To do → Using the listing below, copy exactly the lines from the one containing "Let unit_m1 : coprime" to the one containing "move/eqP: sq; rewrite", both lines included, and no others.
#### Data under study
Lemma invol_cond_witness t u m a b :
  a * a = 1 + t * m -> a * b + b = u * m -> invol_cond m a b.
Proof.
by move=> e1 e2; apply/andP; split; apply/eqP/eq_modn_mul; rewrite ?e1 ?e2.
Qed.

Lemma reflection_class m b : 1 < m ->
  (lam m m.-1 b ^: Hol m)%g = (lam m m.-1 (odd b) ^: Hol m)%g.
Proof.
move=> m_gt1; have := odd_double_half b; rewrite -muln2 => Eb.
apply: (lam_class_shift (d := b./2)); rewrite ?coprimePn //; try lia.
by apply: (eq_modn_mul (t := b./2)); rewrite -{1}Eb; nia.
Qed.

Lemma reflection_class_odd m b : 1 < m -> odd m ->
  (lam m m.-1 b ^: Hol m)%g = (lam m m.-1 0 ^: Hol m)%g.
Proof.
move=> m_gt1 m_odd; rewrite reflection_class //; case: (odd b) => //=.
by rewrite lam_mod -(modnDr 1 m) -lam_mod reflection_class // oddD m_odd.
Qed.

Lemma sqrt1_odd_pk p k a : prime p -> 2 < p -> 0 < k -> a < p ^ k ->
  a * a = 1 %[mod p ^ k] -> a = 1 \/ a = (p ^ k).-1.
Proof.
move=> p_pr p_gt2 k_gt0.
have pk_gt1 : 1 < p ^ k by rewrite -(exp1n k) ltn_exp2r // prime_gt1.
have cop x : coprime (p ^ k) x = ~~ (p %| x) by rewrite coprime_pexpl // prime_coprime.
move: (p ^ k) pk_gt1 cop => m m_gt1 cop a_lt sq.
have a_gt0 : 0 < a by case: a sq {a_lt} => // /eqP; rewrite mod0n eq_sym modn_small.
have dvd_m : m %| a.-1 * a.+1.
  have -> : a.-1 * a.+1 = a * a - 1 by nia.
  by rewrite -eqn_mod_dvd ?muln_gt0 ?a_gt0 //; apply/eqP.
case: (boolP (p %| a.-1)) => [p_a1 | p_a1]; [left | right].
  have p_a2 : ~~ (p %| a.+1).
    apply/negP => p_a2; have := dvdn_sub p_a2 p_a1.
    by rewrite (_ : a.+1 - a.-1 = 2); [move/dvdn_leq => /(_ isT); lia | lia].
  case: (posnP a.-1) => [|pos]; first lia.
  by move: dvd_m; rewrite Gauss_dvdl ?cop // => /(dvdn_leq pos); lia.
by move: dvd_m; rewrite Gauss_dvdr ?cop // => /(dvdn_leq (ltn0Sn a)); lia.
Qed.

Lemma inv_classes_odd_pk p k : prime p -> 2 < p -> 0 < k ->
  inv_classes (p ^ k) =
    [set (lam (p ^ k) 1 0 ^: Hol (p ^ k))%g; (lam (p ^ k) (p ^ k).-1 0 ^: Hol (p ^ k))%g]
  /\ #|inv_classes (p ^ k)| = 2.
Proof.
move=> p_pr p_gt2 k_gt0; have sqrt1 := sqrt1_odd_pk p_pr p_gt2 k_gt0.
have m_odd : odd (p ^ k).
  by rewrite oddX; case: (even_prime p_pr) => [p2|->]; [lia | rewrite orbT].
have m_gt2 : 2 < p ^ k by apply: leq_trans p_gt2 _; rewrite -{1}(expn1 p) leq_exp2l ?prime_gt1.
move: (p ^ k) m_odd m_gt2 sqrt1 => m m_odd m_gt2 sqrt1; have m_gt0 : 0 < m by lia.
have inv_refl : invol_cond m m.-1 0.
  by apply: (invol_cond_witness (t := m - 2) (u := 0)); nia.
have -> : inv_classes m = [set (lam m 1 0 ^: Hol m)%g; (lam m m.-1 0 ^: Hol m)%g].
  apply/setP => C; rewrite !inE; apply/idP/idP; last first.
    case/orP => /eqP ->; apply: lam_class_in; rewrite ?coprime1n ?coprimePn //.
    by rewrite /invol_cond !eqxx.
  case/(inv_classesP m_gt0) => a [b [ca /andP [sq b_cond] ->]].
  case: (sqrt1 a (ltn_ord a) (eqP sq)) b_cond => -> b_cond.
    have : 2 * b = 2 * 0 %[mod m].
      by rewrite muln0 mul2n -addnn -{1}(mul1n b); apply/eqP.
    move/modn_cancel_coprime; rewrite coprime2n mod0n modn_small // => /(_ m_odd) ->.
    by rewrite eqxx.
  by rewrite reflection_class_odd ?eqxx ?orbT //; lia.
by rewrite cards2 lam_class_neq_mult ?coprime1n ?coprimePn //; lia.
Qed.

(* Powers of two 2^k, k >= 3, written m = 8 r with r = 2^(k-3). *)
Section TwoPowers.

Variable s : nat.
Local Notation r := (2 ^ s).
Local Notation m := (8 * 2 ^ s).
Local Notation cls a b := (lam m a b ^: Hol m)%g.

Let r_gt0 : 0 < r. Proof. by rewrite expn_gt0. Qed.

Let m_gt0 : 0 < m. Proof. by rewrite muln_gt0 r_gt0. Qed.

Let coprime_2pow e x : coprime (2 ^ e.+1 * r) x = odd x.
Proof. by rewrite -expnD coprime_pexpl // coprime2n. Qed.

Let coprime_m x : coprime x m = odd x.
Proof. by rewrite coprime_sym (coprime_2pow 2). Qed.

Let unit_m1 : coprime m.-1 m. Proof. exact: coprimePn. Qed.

Let unit_h1 : coprime (4 * r).-1 m.
Proof. by rewrite coprime_m (_ : (4 * r).-1 = (2 * (2 * r).-1).+1) /= ?oddM //; lia. Qed.

Let unit_h2 : coprime (4 * r).+1 m. Proof. by rewrite coprime_m /= oddM. Qed.

Lemma sqrt1_8pow2 a : a < m -> a * a = 1 %[mod m] ->
  [\/ a = 1, a = (4 * r).-1, a = (4 * r).+1 | a = m.-1].
Proof.
move=> a_lt sq; have a_odd : odd a.
  move/(congr1 (modn^~ 2)): sq; rewrite !modn_dvdm ?dvdn_mulr //.
  by rewrite !modn2 => /(congr1 odd); rewrite !oddb oddM andbb => ->.
have := odd_double_half a; rewrite a_odd -muln2; move: a./2 => j Ea.
rewrite -Ea in a_lt sq *.
have dvd_j : 2 * r %| j * j.+1.
  move/eqP: sq; rewrite eqn_mod_dvd; last by nia.
  have -> : (1 + j * 2) * (1 + j * 2) - 1 = 4 * (j * j.+1) by nia.
  by rewrite (_ : 8 * r = 4 * (2 * r)) ?dvdn_pmul2l //; lia.
case: (boolP (odd j)) => j_odd.
  move: dvd_j; rewrite Gauss_dvdr ?(coprime_2pow 0) // => /dvdnP [t Et].
  have : t * (2 * r) <= 2 * (2 * r) by rewrite -Et; lia.
  rewrite leq_pmul2r ?muln_gt0 //.
  case: t Et => [|[|[|t]]] Et _ //; [apply: Or42 | apply: Or44]; lia.
move: dvd_j; rewrite Gauss_dvdl ?(coprime_2pow 0) // => /dvdnP [t Et].
have : t * (2 * r) < 2 * (2 * r) by rewrite -Et; lia.
rewrite ltn_pmul2r ?muln_gt0 //.
case: t Et => [|[|t]] Et _ //; [apply: Or41 | apply: Or43]; lia.
Qed.

(* If (a + 1) = 2u with u odd, then (a + 1) b = 0 forces b = 0 or b = 4r. *)
Lemma dvd_2odd_8pow2 u b : odd u -> b < m -> m %| 2 * u * b -> b = 0 \/ b = 4 * r.
Proof.
move=> u_odd b_lt; rewrite -mulnA (_ : m = 2 * (4 * r)) ?dvdn_pmul2l //; last lia.
rewrite Gauss_dvdr ?(coprime_2pow 1) // => /dvdnP [t Et].
have : t * (4 * r) < 2 * (4 * r) by rewrite -Et; lia.
rewrite ltn_pmul2r ?muln_gt0 //.
by case: t Et => [|[|t]] Et _ //; lia.
Qed.

Lemma invol_cond_8pow2 a b : a < m -> b < m -> invol_cond m a b ->
  [\/ a = 1 /\ (b = 0 \/ b = 4 * r), a = m.-1, a = (4 * r).-1 /\ ~~ odd b
    | a = (4 * r).+1 /\ (b = 0 \/ b = 4 * r)].
Proof.
move=> a_lt b_lt /andP [/eqP sq]; rewrite mod0n => dvd_b.
have {}dvd_b : m %| a * b + b := dvd_b.
case: (sqrt1_8pow2 a_lt sq) dvd_b => -> dvd_b;
  [apply: Or41 | apply: Or43 | apply: Or44 | exact: Or42].
- split=> //; apply: (dvd_2odd_8pow2 (u := 1)) => //.
  by rewrite (_ : 2 * 1 * b = 1 * b + b) //; lia.
- split=> //; rewrite -dvdn2; move: dvd_b.
  rewrite (_ : (4 * r).-1 * b + b = 4 * r * b); last by have := r_gt0; nia.
  by rewrite (_ : m = 4 * r * 2) ?dvdn_pmul2l ?muln_gt0 ?expn_gt0 //; lia.
- split=> //; apply: (dvd_2odd_8pow2 (u := (2 * r).+1)) => //; first by rewrite /= oddM.
  by rewrite (_ : 2 * (2 * r).+1 * b = (4 * r).+1 * b + b) //; nia.
Qed.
########
Reply to the exercise →
Let unit_m1 : coprime m.-1 m. Proof. exact: coprimePn. Qed.

Let unit_h1 : coprime (4 * r).-1 m.
Proof. by rewrite coprime_m (_ : (4 * r).-1 = (2 * (2 * r).-1).+1) /= ?oddM //; lia. Qed.

Let unit_h2 : coprime (4 * r).+1 m. Proof. by rewrite coprime_m /= oddM. Qed.

Lemma sqrt1_8pow2 a : a < m -> a * a = 1 %[mod m] ->
  [\/ a = 1, a = (4 * r).-1, a = (4 * r).+1 | a = m.-1].
Proof.
move=> a_lt sq; have a_odd : odd a.
  move/(congr1 (modn^~ 2)): sq; rewrite !modn_dvdm ?dvdn_mulr //.
  by rewrite !modn2 => /(congr1 odd); rewrite !oddb oddM andbb => ->.
have := odd_double_half a; rewrite a_odd -muln2; move: a./2 => j Ea.
rewrite -Ea in a_lt sq *.
have dvd_j : 2 * r %| j * j.+1.
  move/eqP: sq; rewrite eqn_mod_dvd; last by nia.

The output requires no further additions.